The show, based on the 1954 film of the same name, still has all its classic sing-along numbers, but both the staging and the orchestration of the show have undergone a creative renaissance. The result is a show high on energy and pace, with some poignant and touching moments that give the audience much more than a staple, feel-good evening.

The leading couple carry the show well, with Helena Blackman’s convincing portrayal of the resilient Milly contrasting fittingly with Sam Attwater’s chauvinistic Adam. In particular, Blackman’s strong vocal performances in numbers such as “Goin’ Courtin’” and “Glad That You Were Born” allow her to showcase the full range of her character’s emotions and proved popular with the Glasgow audience.

The supporting cast reveal their talents!

The success of any show can often be gauged by the strength of the supporting characters. In the case of “Seven Brides”, there is an extremely talented cast who make-up the rest of Adam’s family and the Townsfolk. The alphabetically-named Brothers, from Benjamin through to Gideon, all have unique characters of their own which result in snappy dialogue and sturdy singing. The Brides prove to be equally as talented, treating us to a range of dance-steps, from hoe-downs to ballet, as well as a harmonious blend of strong voices.

In addition to its gifted performers, it’s the staging of the show which gives it a unique and fresh style, refuting any suggestion that, at more than 30 years of age, “Seven Brides” might have become stale or tired. Interior and exterior sets are struck seamlessly by both cast and “invisible” stage crew with virtually no gaps between scenes, giving the show a pacey, but never rushed, feel.
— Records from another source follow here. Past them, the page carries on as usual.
(* Let $S$ be a Stone relation algebra, and let $C : S\to\mathbb{N}\cup\{\infty\}$ map each $x$ to the number of atoms $a\in S$ with $a\sqsubseteq x$. Then $C$ satisfies: (C1a) $C(\bot)=0$; (C2a) $C(x)=1$ for every atom $x$; (C3) $C(x^{\smile})=C(x)$ for all $x$; (C4a) $C(x)+C(y)=C(x\sqcup y)+C(x\sqcap y)$ for all $x,y$; (C4b) $x\sqsubseteq y$ implies $C(x)\le C(y)$. If moreover $S$ is atomic, then $C$ also satisfies: (C1b) $C(x)=0\iff x=\bot$; (C5a) $C(x^{\smile}y\sqcap z)\le C(xz\sqcap y)$ for all $y,z$ and all univalent $x$; (C5b) $C(x\sqcap yz^{\smile})\le C(xz\sqcap y)$ for all $y,z$ and all univalent $x$; (C5c) $C(yx)\le C(y)$ for all $y$ and all univalent $x$; (C5d) $C(x\sqcap y\top)\le C(y)$ for all $y$ and all univalent $x$; (C5e) $C(x\sqcap yy^{\smile})\le C(y)$ for all $y$ and all univalent $x$; (C6a) $C(1\sqcap xx^{\smile})\le C(x)$ for all $x$; (C6b) $C(1\sqcap x^{\smile}x)\le C(x)$ for all $x$.
   Context: A Stone relation algebra is a structure $(S,\sqcup,\sqcap,\cdot,\overline{\,\cdot\,},{}^{\smile},\bot,\top,1)$ (write $xy$ for $x\cdot y$, $\overline{x}$ for the pseudocomplement, $x^{\smile}$ for the converse) such that: $(S,\sqcup,\sqcap,\bot,\top)$ is a bounded distributive lattice with order $x\sqsubseteq y\iff x\sqcup y=y$; $x\sqcap y=\bot\iff x\sqsubseteq\overline{y}$; $\overline{x}\sqcup\overline{\overline{x}}=\top$; $\cdot$ is associative with two-sided unit $1$, distributes over $\sqcup$ on both sides, and $\bot$ is a zero of $\cdot$; $x^{\smile\smile}=x$, $(xy)^{\smile}=y^{\smile}x^{\smile}$, $(x\sqcup y)^{\smile}=x^{\smile}\sqcup y^{\smile}$; $\overline{\overline{1}}=1$; $\overline{\overline{xy}}=\overline{\overline{x}}\,\overline{\overline{y}}$; $xy\sqcap z\sqsubseteq x(y\sqcap x^{\smile}z)$. An atom is an element $x\neq\bot$ such that $\bot\neq y\sqsubseteq x$ implies $y=x$. $S$ is atomic if every $x\neq\bot$ has an atom below it. $x$ is univalent if $x^{\smile}x\sqsubseteq 1$. Arithmetic in $\mathbb{N}\cup\{\infty\}$ is the usual one with $n+\infty=\infty+n=\infty$ and $n\le\infty$. *)

From Stdlib Require Import List.
Import ListNotations.
Lemma integral_bernoulli_real (R : realType) (q : R) (f : bool -> R) :
  0 <= q <= 1 ->
  (\int[bernoulli_prob q]_y (f y)%:E = (q * f true + (1 - q) * f false)%:E)%E.
Proof.
move=> q01; pose c : R := `|f true| + `|f false|.
have c_ge w : `|f w| <= c by case: w; rewrite /c ?lerDl ?lerDr.
have int_bool (g : bool -> R) M : (forall w, `|g w| <= M) ->
    (bernoulli_prob q).-integrable setT (EFin \o g).
  move=> gM; apply: le_integrable (finite_measure_integrable_cst _ M measurableT) => //.
  by move=> w _ /=; rewrite lee_fin (le_trans (gM w)) ?ler_norm.
have shift_ge0 w : 0 <= f w + c.
  by have := c_ge w; rewrite ler_norml => /andP[+ _]; lra.
rewrite (_ : (fun y => (f y)%:E) = (fun y => (f y + c)%:E - (cst c y)%:E)%E); last first.
  by apply/funext => y; rewrite -EFinB addrK.
rewrite integralB_EFin //; last 2 first.
- apply: (int_bool _ (c + c)) => w.
  by rewrite ger0_norm ?shift_ge0 // lerD2r (le_trans (ler_norm _)).
- by apply: (int_bool _ c) => w; rewrite /= ger0_norm ?normr_ge0 ?addr_ge0.
have c_ge0 : 0 <= c by rewrite addr_ge0.
rewrite !integral_bernoulli_prob //; try by move=> w; rewrite lee_fin.
by rewrite -!EFinM -!EFinD /unstable.onem /=; congr EFin; ring.
Qed.

(* The extremal law for the lower bound: x is the deterministic vector with
   x_j = sigma sign(b_j - bs_j), and y = bs^T x + sigma eps for a fair sign eps. *)
Section two_point_law.
Variables (R : realType) (p : nat) (bs b : 'rV[R]_p) (sigma2 : R).
Hypothesis sigma2_gt0 : 0 < sigma2.

Let s := Num.sqrt sigma2.
Let sqr_s : s ^+ 2 = sigma2. Proof. by rewrite sqr_sqrtr // ltW. Qed.

Let X (j : 'I_p) (w : bool) : R := s * Num.sg (b 0 j - bs 0 j).
Let Y (w : bool) : R := linpred bs X w + (if w then s else - s).
Let P := @bernoulli_prob R 2^-1.
Let half01 : 0 <= (2^-1 : R) <= 1. Proof. by apply/andP; split; lra. Qed.

Let resid w : Y w - linpred bs X w = if w then s else - s.
Proof. by rewrite /Y addrC addKr. Qed.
On top of all this, several of the Townsfolk also play instruments on stage, ranging from violins to ukulele, and this give the music a more authentic feel.

One of the many highlights is the “Social Dance” towards the end of Act One, where The Brothers and The Suitors compete for the attention of The (yet to be) Brides. The energy, technique and humour of the number sets it apart as one of the most enjoyable dances to grace the stage at The Kings for many years, with the audience showing its appreciation with thunderous applause.

The Social Dance

The only disappointing aspect of Tuesday evening was the relatively modest audience numbers which, given the high quality of what was on display, deserved to be much higher.

So, even if you know the film or show, you must find time this week to get yourself along to The Kings and discover something truly unique and original in this production.

Monday 25th - Saturday 30th November            
Mon eve 7.45pm
Tue – Sat eves 7.30pm
Wed & Sat mats 2.30pm
Tickets: £10 - £29.50
0844 871 7648 (bkg fee)


1 Comment

  • Cameron Lowe
    by Cameron Lowe 4 years ago
    Thanks, Mark. I love to hear that classics like this have been creatively and successfully updated for the modern audience! Long may this one live!